Der Ausbau der Solarenergie in Deutschland hat sich im vergangenen Jahr verlangsamt. Die Zahl der Anlagen nahm um 17,6 Prozent im Vergleich zu 2024 zu, wie das Statistische Bundesamt am Donnerstag mitteilte. In den beiden Vorjahren hatte der Zuwachs noch bei jeweils mehr als 27 Prozent gelegen. Insgesamt waren Ende 2025 knapp 4,8 Millionen Photovoltaikanlagen auf deutschen Dächern und Grundstücken installiert, ein Höchstwert.
Die installierte Leistung wuchs um 11,8 Prozent auf 106.200 Megawatt. Erfasst werden in der Statistik alle Photovoltaikanlagen, die in die Netze der öffentlichen Versorgung einspeisen und über einen Stromzähler verfügen, der die eingespeisten Strommengen misst. Kleinere Anlagen wie Balkonkraftwerke fallen daher in der Regel nicht darunter.
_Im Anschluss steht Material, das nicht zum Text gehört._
(* Let $R$ be the ring of upper triangular $2\times 2$ matrices over the field $\mathbb{F}_3$ (a non-commutative ring with unity of order $27$ having exactly $15$ zero-divisors, counting $0$). Consider the (left) projective line $P(R)$. Then: (i) $P(R)$ has exactly $48$ points; (ii) exactly $42$ of these points have a representative pair $(a,b)$ in which $a$ or $b$ is a unit of $R$; (iii) every point of $P(R)$ has exactly $20$ neighbours other than itself; (iv) any two distant points of $P(R)$ have exactly $6$ common neighbours; (v) any three pairwise distant points of $P(R)$ have no common neighbour; (vi) the maximum cardinality of a set of pairwise distant points of $P(R)$ is $4$. *)

From mathcomp Require Import all_boot all_algebra.
Set Implicit Arguments. Unset Strict Implicit. Unset Printing Implicit Defensive.
Import GRing.Theory.
Local Open Scope ring_scope.

Definition M := 'M['F_3]_2.

Definition inR (A : M) : bool := A ord_max ord0 == 0.
Definition Rset : {set M} := [set A : M | inR A].

Definition unitR (a : M) : bool :=
  inR a && [exists b : M, [&& inR b, a * b == 1 & b * a == 1]].

(* 2x2 matrices over R, written as quadruples (a, b, c, d) = [[a, b], [c, d]]. *)
Definition mat2 : Type := (M * M * M * M)%type.
Definition inR2 (X : mat2) : bool :=
  let: (a, b, c, d) := X in [&& inR a, inR b, inR c & inR d].
Definition mul2 (X Y : mat2) : mat2 :=
  let: (a, b, c, d) := X in let: (e, f, g, h) := Y in
  (a * e + b * g, a * f + b * h, c * e + d * g, c * f + d * h).
Definition id2 : mat2 := (1, 0, 0, 1).
Definition GL2R (X : mat2) : bool :=
  inR2 X && [exists Y : mat2, [&& inR2 Y, mul2 X Y == id2 & mul2 Y X == id2]].

Definition admissible (x : M * M) : bool :=
  [exists y : M * M, GL2R (x.1, x.2, y.1, y.2)].

Definition Rspan (x : M * M) : {set M * M} :=
  [set (r * x.1, r * x.2) | r in Rset].

Definition points : {set {set M * M}} :=
  [set Rspan x | x in [set x : M * M | admissible x]].

Definition distant (p q : {set M * M}) : bool :=
  [exists x : M * M, exists y : M * M,
     [&& admissible x, admissible y, p == Rspan x, q == Rspan y
       & GL2R (x.1, x.2, y.1, y.2)]].

Definition neighbour (p q : {set M * M}) : bool := ~~ distant p q.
Abhängigkeit von China bei Importen groß
Bei den Importen bleibt Deutschland extrem abhängig von China: 88,0 Prozent der eingeführten Photovoltaikanlagen stammten 2025 aus der Volksrepublik. Danach folgten mit großem Abstand die Niederlande (5,2 Prozent). Die Exporte gingen zu einem großen Teil in europäische Staaten. Die wichtigsten Abnehmer waren 2025 Italien (15,9 Prozent), Österreich (14,8 Prozent), und die Schweiz (7,2 Prozent).
Die Produktion von Solarmodulen für Photovoltaikanlagen ist in Deutschland in den ersten drei Quartalen 2025 deutlich gesunken: Die Anzahl der produzierten Solarmodule brach um 60,6 Prozent auf 509.200 Stück ein. Damit setzte sich der Abwärtstrend fort: 2024 hatte sich die Produktion mehr als halbiert auf gut 1,5 Millionen.